Adalet ve Kalkınma Partisi meclis grup toplantısı bugün gerçekleştirildi. Cumhurbaşkanı ve AK Parti Genel Başkanı Recep Tayyip Erdoğan başkanlığında gerçekleştirilen toplantıda Erdoğan, Kemal Kılıçdaroğlu’nun geçtiğimiz hafta kendisine ve ailesine yönelik iddialarına yönelik;”İspat ederse siyaseti bırakacağım, edemezse o bıraksın”dedi.
Grup toplantısında konuşan Recep Tayyip Erdoğan toplantıya geçtiğimiz hafta yaptıkları icraatları aktarması ile başladı. Erdoğan enerji atılımları,33. İSEDAK Bakanlar Toplantısı,Soçi toplantsı,15 Temmuz darbe girişiminden sonra ilk defa mezun veren Kara Harp Okulu töreninden,ABD Başkanı Trump ile gerçekleştirilen telefon görüşmesinden, Eğitimcilerle görüşmesinden, Kara Astsubay mezuniyet töreninden, Balıkesir AK Parti toplantısından, Kadına Yönelik Şiddet Uluslararası Mücadele Günü’nden grup toplantısında aktardı.

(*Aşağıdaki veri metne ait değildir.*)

Lemma sum_tuple_cons n (F : seq T -> V) :
  \sum_(t : n.+1.-tuple T) F t = \sum_b \sum_(t : n.-tuple T) F (b :: t).
Proof.
rewrite pair_big /= (reindex (fun p : T * n.-tuple T => [tuple of p.1 :: p.2])) //=.
exists (fun t : n.+1.-tuple T => (thead t, [tuple of behead t])).
  by move=> [b t] _ /=; congr pair; apply: val_inj.
by move=> t _; apply: val_inj => /=; case: t => [[|b s] //=].
Qed.

End TupleSums.

Lemma sum_prod_col_seq (R : comPzSemiRingType) (T : finType) m
    (g : 'I_m -> seq T -> R) :
  \sum_(x : 'M[T]_m) \prod_j g j (col_seq x j) =
  \prod_j \sum_(t : m.-tuple T) g j t.
Proof.
rewrite bigA_distr_bigA /=.
rewrite (reindex (fun f : {ffun 'I_m -> m.-tuple T} => \matrix_(i, j) tnth (f j) i)) /=.
  apply: eq_bigr => f _; apply: eq_bigr => j _; congr (g j _).
  rewrite /col_seq -[in RHS](map_tnth_enum (f j)); apply: eq_map => i.
  by rewrite mxE.
exists (fun x : 'M[T]_m => [ffun j => [tuple x i j | i < m]]).
  move=> f _; apply/ffunP => j; rewrite ffunE; apply: eq_from_tnth => i.
  by rewrite tnth_mktuple mxE.
by move=> x _; apply/matrixP => i j; rewrite mxE ffunE tnth_mktuple.
Qed.

Section Logarithms.
Variable R : realType.

Lemma ln_prod (I : Type) (r : seq I) (q : I -> R) : (forall j, 0 < q j) ->
  ln (\prod_(j <- r) q j) = \sum_(j <- r) ln (q j).
Proof.
move=> q0.
suff: 0 < \prod_(j <- r) q j /\ ln (\prod_(j <- r) q j) = \sum_(j <- r) ln (q j)
  by case.
apply: (big_rec2 (fun x y => 0 < x /\ ln x = y)); first by rewrite ln1.
move=> j y1 y2 _ [y0 <-]; split; first by rewrite mulr_gt0.
by rewrite lnM // posrE.
Qed.

Lemma xlnxM (u v : R) : 0 <= u -> 0 <= v ->
  (u * v) * ln (u * v) = (u * v) * (ln u + ln v).
Proof.
rewrite !le0r => /orP[/eqP->|u0]; first by rewrite !mul0r.
move=> /orP[/eqP->|v0]; first by rewrite !mulr0 !mul0r.
by rewrite lnM // posrE.
Qed.

(* Also valid when some factor vanishes, as [ln 0 = 0]. *)
Lemma xlnx_prod (I : finType) (q : I -> R) : (forall j, 0 <= q j) ->
  (\prod_j q j) * ln (\prod_j q j) =
  \sum_l \prod_j (if j == l then q j * ln (q j) else q j).
Proof.
move=> q0; case: (boolP [forall j, 0 < q j]) => [/forallP qp|].
  rewrite ln_prod // big_distrr /=; apply: eq_bigr => l _.
  rewrite (bigD1 l) //= [in RHS](bigD1 l) //= eqxx.
  rewrite [in RHS](eq_bigr q); last by move=> j /negbTE ->.
  ring.
move=> /forallPn [k]; rewrite -leNgt => qk.
have qk0 : q k = 0 by apply/eqP; rewrite eq_le qk q0.
rewrite (bigD1 k) //= qk0 !mul0r; apply/esym/big1 => l _.
by rewrite (bigD1 k) //=; case: ifP => _; rewrite qk0 ?mul0r.
Qed.

Lemma sum_support (I : finType) (p f : I -> R) : (forall x, 0 <= p x) ->
  \sum_(x | 0 < p x) p x * f x = \sum_x p x * f x.
Proof.
move=> p0; rewrite big_mkcond /=; apply: eq_bigr => x _.
case: ifP => // /negbT; rewrite -leNgt => px.
have -> : p x = 0 by apply/eqP; rewrite eq_le px p0.
by rewrite mul0r.
Qed.

Lemma sum_support1 (I : finType) (p : I -> R) : (forall x, 0 <= p x) ->
  \sum_(x | 0 < p x) p x = \sum_x p x.
Proof.
move=> p0; under eq_bigr do rewrite -[p _]mulr1.
by rewrite sum_support //; under eq_bigr do rewrite mulr1.
Qed.

Lemma entropyE (T : finType) (p : T -> R) : (forall a, 0 <= p a) ->
  entropy p = - \sum_a p a * ln (p a).
Proof. by move=> p0; rewrite /entropy (sum_support (fun a => ln (p a)) p0). Qed.

Lemma ln_le_subr1 (u : R) : 0 < u -> ln u <= u - 1.
Proof.
by move=> u0; have := @le_ln1Dx R (u - 1); rewrite addrCA subrr addr0; apply; lra.
Qed.

Lemma xlnx_sub_le (p q : R) : 0 < p -> 0 < q ->
  p - q <= p * - ln q + p * ln p.
Proof.
move=> p0 q0; have := ln_le_subr1 (divr_gt0 q0 p0).
rewrite ln_div ?posrE // => /(ler_wpM2l (ltW p0)).
have -> : p * (q / p - 1) = q - p by field; rewrite gt_eqF.
lra.
Qed.

Lemma gibbs (I : finType) (p q : I -> R) : (forall x, 0 <= p x) ->
  \sum_x p x = 1 -> \sum_(x | 0 < p x) q x <= 1 ->
  (forall x, 0 < p x -> 0 < q x) ->
  - \sum_x p x * ln (p x) <= \sum_x p x * - ln (q x).
Proof.
move=> p0 p1 q1 pq.
rewrite -!(sum_support _ p0) -subr_ge0 opprK -big_split /=.
apply: le_trans (_ : \sum_(x | 0 < p x) (p x - q x) <= _).
  by rewrite big_split /= sumrN subr_ge0 (le_trans q1) // -p1 sum_support1.
by apply: ler_sum => x px; apply: xlnx_sub_le => //; apply: pq.
Qed.

End Logarithms.

Section StationaryChain.
Variables (R : realType) (T : finType) (P : T -> T -> R) (pi : T -> R).
Hypotheses (hP : is_kernel P) (hpi : stationary P pi).

(* Probability that the chain, started at [a], visits [t] next. *)
Definition cond_path_prob (a : T) (t : seq T) : R :=
  \prod_(k < size t) P (nth a (a :: t) k) (nth a (a :: t) k.+1).

Lemma mc_prob_cons a t : mc_prob pi P (a :: t) = pi a * cond_path_prob a t.
Proof. by []. Qed.

Lemma cond_path_prob_cons a b t :
  cond_path_prob a (b :: t) = P a b * cond_path_prob b t.
Proof.
rewrite /cond_path_prob /= big_ord_recl /=; congr (_ * _).
apply: eq_bigr => k _; rewrite /bump /= !add0n.
by rewrite !(set_nth_default b a) // ltnS ltnW.
Qed.

Lemma cond_path_prob_ge0 a t : 0 <= cond_path_prob a t.
Proof. by apply: prodr_ge0 => k _; apply: hP.1. Qed.

Lemma mc_prob_ge0 s : 0 <= mc_prob pi P s.
Proof. by case: s => [|a t] //=; rewrite mulr_ge0 ?hpi.1.1 ?cond_path_prob_ge0. Qed.

Lemma sum_cond_path_prob n a : \sum_(t : n.-tuple T) cond_path_prob a t = 1.
Proof.
elim: n a => [|n IH] a; first by rewrite sum_tuple0 /cond_path_prob big_ord0.
rewrite sum_tuple_cons -[RHS](hP.2 a); apply: eq_bigr => b _.
by under eq_bigr do rewrite cond_path_prob_cons; rewrite -big_distrr /= IH mulr1.
Qed.

Lemma sum_stationary (f : T -> R) :
  \sum_a pi a * \sum_b P a b * f b = \sum_b pi b * f b.
Proof.
under eq_bigr do rewrite big_distrr /=.
rewrite exchange_big /=; apply: eq_bigr => b _.
by under eq_bigr do rewrite mulrA; rewrite -big_distrl /= hpi.2.
Qed.

Lemma cond_path_marginal n i (f : T -> R) a0 : (i <= n)%N ->
  \sum_a pi a * \sum_(t : n.-tuple T) cond_path_prob a t * f (nth a0 (a :: t) i)
  = \sum_a pi a * f a.
Proof.
elim: n i => [|n IH] [|i] //= hi.
- by apply: eq_bigr => a _; rewrite -big_distrl /= sum_cond_path_prob mul1r.
- by apply: eq_bigr => a _; rewrite -big_distrl /= sum_cond_path_prob mul1r.
rewrite -(IH i hi) -sum_stationary; apply: eq_bigr => a _; congr (_ * _).
rewrite (sum_tuple_cons _ (fun s => cond_path_prob a s * f (nth a0 (a :: s) i.+1))) /=.
apply: eq_bigr => b _; rewrite big_distrr /=; apply: eq_bigr => t _.
by rewrite cond_path_prob_cons mulrA.
Qed.

Lemma entropy_rateE :
  entropy_rate pi P = - \sum_a pi a * \sum_b P a b * ln (P a b).
Proof.
congr (- _); apply: eq_bigr => a _; under eq_bigr do rewrite -mulrA.
by rewrite -big_distrr (sum_support (fun b => ln (P a b)) (hP.1 a)).
Qed.

Lemma sum_cond_path_xlnx n :
  \sum_a pi a * \sum_(t : n.-tuple T) cond_path_prob a t * ln (cond_path_prob a t)
  = - (n%:R * entropy_rate pi P).
Proof.
rewrite entropy_rateE mulrN opprK.
elim: n => [|n IH].
  rewrite mul0r; apply: big1 => a _.
  rewrite (sum_tuple0 (fun s => cond_path_prob a s * ln (cond_path_prob a s))).
  by rewrite /cond_path_prob big_ord0 ln1 !mulr0.
have step a : \sum_(t : n.+1.-tuple T) cond_path_prob a t * ln (cond_path_prob a t) =
    \sum_b P a b * ln (P a b) +
    \sum_b P a b * \sum_(t : n.-tuple T) cond_path_prob b t * ln (cond_path_prob b t).
  rewrite (sum_tuple_cons _ (fun s => cond_path_prob a s * ln (cond_path_prob a s))).
  rewrite -big_split /=.
  apply: eq_bigr => b _.
  under eq_bigr do rewrite cond_path_prob_cons xlnxM ?cond_path_prob_ge0 ?hP.1 // mulrDr.
  rewrite big_split /= big_distrr /=; congr (_ + _).
    rewrite -[RHS]mulr1 -[in RHS](sum_cond_path_prob n b) big_distrr /=.
    by apply: eq_bigr => t _; ring.
  by apply: eq_bigr => t _; rewrite mulrA.
under eq_bigr do rewrite step mulrDr.
by rewrite big_split /= sum_stationary IH mulrSr mulrDl mul1r addrC.
Qed.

Cumhurbaşkanı ve AK Parti Genel Başkanı Recep Tayyip Erdoğan Kemal Kılıçdaroğlu’nun iddialarına yönelik;”Kendisine ya iddialarını ispat etmesi ya da özür dilemesi çağrısını yaptım. Bununla da kalmadım, iddialarını ispat ederse benim siyaseti bırakacağımı ve cumhurbaşkanlığından ayrılacağımı, ispatlayamazsa da kendisinden siyaseti bırakmasını beklediğimi ifade ettim. Biraz sonra grup toplantısında güya belge açıklayacakmış. Geçmişte defalarca iddia ettiği yalan ve yanlışlığı bizimle ilgisi olmadığı ispatlanmış konuları ısıtıp ısıtıp yeniden gündeme getirecektir.Biliyorsunuz müflis tüccar eski defterleri karıştırırmış. Bu da yine aynı şekilde bakıyorsunuz yine kendine bir yerlerden bir şey gönderiliyor onlarla uğraşıyor. Benim çağrım açık. Elinde benim yurtdışına milyonlarca dolar paralar gönderdiğimi söylüyor. Belgesi var mı? Yok. Meselenin dünürlere kadar götürülmesi zaten saçmalığın dik alası. Bu çağrılarımın beyhude uğraştığımın farkındayım ama müfterilere de meydanı bırakmamak gerektiğini biliyorum.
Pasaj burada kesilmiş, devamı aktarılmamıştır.